Altcheh Jaime, Grossmann Ulrike, Stass Heino, Springsklee Martin, Garcia-Bournissen Facundo
Hospital de Niños Ricardo Gutiérrez and Instituto Multidisciplinario de Investigacion en Patologias Pediatricas (IMIPP), CONICET-GCBA, Buenos Aires, Argentina.
Bayer AG, Research & Development, Clinical Development & Operations, Acute & Chronic Care & Pediatrics, Berlin, Germany.
PLoS Negl Trop Dis. 2025 Feb 25;19(2):e0012849. doi: 10.1371/journal.pntd.0012849. eCollection 2025 Feb.
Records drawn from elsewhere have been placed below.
(* Let $\varepsilon>0$ and let $k\ge2$ be even. There exist a threshold $\theta$, a sequence $Q$ of $k$ counting queries (each of sensitivity $1$), and datasets such that BinarySVT$(\cdot,Q,\theta,\lambda)$ (described below) does not satisfy $\varepsilon$-differential privacy whenever $\lambda\le\frac{k}{4\varepsilon}$.
   Context: $\mathrm{Lap}(\lambda)$ is the Laplace distribution with density $\frac{1}{2\lambda}e^{-|y|/\lambda}$. A dataset is a finite multiset of tuples; two datasets are neighboring if one is obtained by inserting one tuple into the other. A counting query $q$ maps a dataset to the number of its tuples satisfying some predicate. BinarySVT$(D,Q=(q_1,\dots,q_k),\theta,\lambda)$: draw $\hat\theta=\theta+\mathrm{Lap}(\lambda)$ once; then for $i=1,\dots,k$ draw $\hat q_i(D)=q_i(D)+\mathrm{Lap}(\lambda)$ (all noises independent) and output $o_i=1$ if $\hat q_i(D)>\hat\theta$ and $o_i=0$ otherwise. The output is $(o_1,\dots,o_k)$. An algorithm $\mathcal{A}$ is $\varepsilon$-differentially private if for all neighboring $D,D'$ and all outputs $O$, $\Pr[\mathcal{A}(D)=O]\le e^{\varepsilon}\Pr[\mathcal{A}(D')=O]$. *)

From Stdlib Require Import Reals Lra Lia List Permutation Arith.
Import ListNotations.
Open Scope R_scope.

(* Tuples are natural numbers; a dataset is a finite multiset of tuples,
   represented as a list (up to permutation). *)
Definition dataset := list nat.

Definition count_query (P : nat -> bool) (D : dataset) : nat :=
  length (filter P D).

Definition neighboring (D D' : dataset) : Prop :=
  exists x : nat, Permutation D' (x :: D) \/ Permutation D (x :: D').

Definition lap_density (lam y : R) : R := / (2 * lam) * exp (- Rabs y / lam).

Definition lap_tail (lam x : R) : R :=
  if Rle_dec 0 x then / 2 * exp (- x / lam) else 1 - / 2 * exp (x / lam).

(* Conditional probability, given the noisy threshold t, that query value v
   produces output bit o: Pr[v + Lap(lam) > t] if o = true, else its
   complement. *)
Definition bit_prob (lam v t : R) (o : bool) : R :=
  if o then lap_tail lam (t - v) else 1 - lap_tail lam (t - v).

(* Integrand in the noisy threshold t = theta + Lap(lam): density of the
   noisy threshold times the (conditionally independent) output-bit
   probabilities. *)
Definition svt_integrand (D : dataset) (Q : list (nat -> bool)) (theta lam : R)
  (O : list bool) (t : R) : R :=
  if Nat.eqb (length O) (length Q) then
    lap_density lam (t - theta) *
    fold_right Rmult 1
      (map (fun qo : (nat -> bool) * bool =>
              bit_prob lam (INR (count_query (fst qo) D)) t (snd qo))
           (combine Q O))
  else 0.

Definition improper_integral (f : R -> R) (I : R) : Prop :=
  (forall a b : R, inhabited (Riemann_integrable f a b)) /\
  forall e : R, 0 < e -> exists M : R,
    forall (a b : R) (pr : Riemann_integrable f a b),
      a <= - M -> M <= b -> Rabs (RiemannInt pr - I) < e.

(* svt_prob D Q theta lam O p : Pr[BinarySVT(D,Q,theta,lam) = O] = p. *)
Definition svt_prob (D : dataset) (Q : list (nat -> bool)) (theta lam : R)
  (O : list bool) (p : R) : Prop :=
  improper_integral (svt_integrand D Q theta lam O) p.

(* Take threshold 1, m queries counting every tuple followed by m queries
   counting none, D = {x}, D' = {x, x} and the output 0^m 1^m.  Given the noisy
   threshold t the output bits are independent, so the two output probabilities
   are the integrals of w_v(t) = p(t - 1) F(t - v)^m F(-t)^m for v = 1, 2, where
   p and F are the Laplace density and CDF.  For t <= 1 both F(t - 1) and
   F(t - 2) lie on the exponential branch of F, so w_1 = e^(m/l) w_2 >= e^(2 eps) w_2
   once l <= k / (4 eps); for t >= 1 still w_1 >= w_2; and w_2 is symmetric
   about 1.  Pairing t with 2 - t gives
   int (w_1 - e^eps w_2) >= (e^eps - 1)^2 int_(t <= 1) w_2 > 0. *)

From Stdlib Require Import Reals Lra Lia List Permutation FunctionalExtensionality.
From Coquelicot Require Import Coquelicot.
Import ListNotations.
Open Scope R_scope.

Lemma exp_le_compat x y : x <= y -> exp x <= exp y.
Proof.
  intros [Hlt | ->]; [now left; apply exp_increasing | apply Rle_refl].
Qed.

Lemma ex_RInt_continuity (f : R -> R) a b :
  (forall x, continuity_pt f x) -> ex_RInt f a b.
Proof.
  intros Hf; apply (ex_RInt_continuous (V := R_CompleteNormedModule)).
  intros z _; apply continuity_pt_filterlim, Hf.
Qed.

Lemma RInt_le_RInt_subinterval (f : R -> R) a a' b' b :
  (forall x, continuity_pt f x) -> (forall x, a <= x <= b -> 0 <= f x) ->
  a <= a' -> a' <= b' -> b' <= b -> RInt f a' b' <= RInt f a b.
Proof.
  intros Hf Hpos Ha Hab Hb.
  assert (Hex : forall x y, ex_RInt f x y) by (intros; apply ex_RInt_continuity, Hf).
  rewrite <- (RInt_Chasles f a a' b), <- (RInt_Chasles f a' b' b) by auto.
  assert (0 <= RInt f a a') by (apply RInt_ge_0; auto; intros; apply Hpos; lra).
  assert (0 <= RInt f b' b) by (apply RInt_ge_0; auto; intros; apply Hpos; lra).
  unfold plus; simpl; lra.
Qed.

Lemma RInt_reflect_window (f : R -> R) c N :
  (forall x, continuity_pt f x) ->
  RInt f (c - N) (c + N) = RInt (fun t => f t + f (2 * c - t)) (c - N) c.
Proof.
  intros Hf.
  assert (Hex : forall g a b, (forall x, continuity_pt g x) -> ex_RInt g a b)
    by (intros; apply ex_RInt_continuity; auto).
  assert (Hf_mirror : forall x, continuity_pt (fun t => f (2 * c - t)) x)
    by (intros; reg; apply Hf).
  assert (Hmirror : RInt f c (c + N) = RInt (fun t => f (2 * c - t)) (c - N) c).
  { pose proof (RInt_comp_lin f (-1) (2 * c) (c - N) c (Hex f _ _ Hf)) as Hlin.
    replace (-1 * (c - N) + 2 * c) with (c + N) in Hlin by ring.
    replace (-1 * c + 2 * c) with c in Hlin by ring.
    rewrite <- (opp_RInt_swap f), <- Hlin by (apply Hex; auto).
    rewrite (RInt_ext _ (fun t => opp (f (2 * c - t)))).
    2: { intros t _; unfold scal, opp; simpl; unfold mult; simpl.
         replace (-1 * t + 2 * c) with (2 * c - t) by ring; ring. }
    rewrite (RInt_opp (V := R_CompleteNormedModule)) by (apply Hex; auto).
    unfold opp; simpl; ring. }
  rewrite <- (RInt_Chasles f (c - N) c (c + N)), Hmirror by (apply Hex; auto).
  rewrite (RInt_plus (V := R_CompleteNormedModule)) by (apply Hex; auto).
  reflexivity.
Qed.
Nifurtimox has been used for over 50 years to treat patients with Chagas disease, a potentially life-threatening neglected tropical disease caused by the protozoan parasite Trypanosoma cruzi. Without effective antitrypanosomal treatment, the infection can persist and progress to a chronic, often debilitating, clinical form. Migration and urbanization, as well as the shifting distribution of the parasite's insect vector, have contributed to the emergence of Chagas disease as a global health threat. Administration of nifurtimox involves adjusting the dose for age and body weight. Particularly for children, this often requires the previously available 120 mg tablet to be divided manually, which could be problematic. To address this challenge, a new formulation tablet of nifurtimox was developed. Available in two dose strengths, 30 mg and 120 mg, the new formulation tablets contain a functional score line to facilitate accurate division. In addition, the formulation now allows rapid and easy dispersion in water to form a slurry for use by patients with difficulty swallowing tablets. These features enable more accurate body-weight-based and age-appropriate dosing and administration, which should prove beneficial for younger patients, including newborns and babies with a body weight ≥2.5 kg. Development of the new formulation nifurtimox tablets was guided by substantially updating pharmacological and clinical knowledge of the drug to meet current standards and regulatory requirements. This was achieved by conducting a substantial array of additional non-clinical and clinical studies to better understand and characterize clinically relevant aspects of nifurtimox pharmacokinetics. The efficacy and safety of the new tablet in children with Chagas disease was subsequently demonstrated in a large prospective randomized clinical trial with prolonged follow-up. In the present paper, we review key findings that contributed to the successful clinical development of the new formulation nifurtimox tablet, the availability of which redefines the treatment of young patients with Chagas disease.
硝呋替莫已被用于治疗恰加斯病患者50多年,恰加斯病是一种由原生动物寄生虫克氏锥虫引起的潜在威胁生命的被忽视热带病。如果没有有效的抗锥虫治疗,感染可能会持续并发展为慢性临床形式,通常会使人虚弱。移民和城市化以及寄生虫昆虫媒介分布的变化,导致恰加斯病成为全球健康威胁。服用硝呋替莫需要根据年龄和体重调整剂量。特别是对于儿童,这通常需要将以前可用的120毫克片剂手动分割,这可能会有问题。为应对这一挑战,开发了一种新的硝呋替莫制剂片剂。新制剂片剂有30毫克和120毫克两种剂量规格,含有一条功能性刻痕线,便于准确分割。此外,该制剂现在可以在水中快速轻松地分散形成混悬液,供吞咽片剂有困难的患者使用。这些特性能够实现更准确的基于体重和适合年龄的给药,这对年轻患者,包括体重≥2.5千克的新生儿和婴儿应该是有益的。新制剂硝呋替莫片剂的开发以大幅更新该药物的药理学和临床知识为指导,以满足当前标准和监管要求。这是通过进行大量额外的非临床和临床研究来实现的,以便更好地理解和描述硝呋替莫药代动力学的临床相关方面。随后,在一项长期随访的大型前瞻性随机临床试验中证明了新片剂对恰加斯病儿童的疗效和安全性。在本文中,我们回顾了有助于新制剂硝呋替莫片剂成功临床开发的关键发现,其可用性重新定义了恰加斯病年轻患者的治疗方法。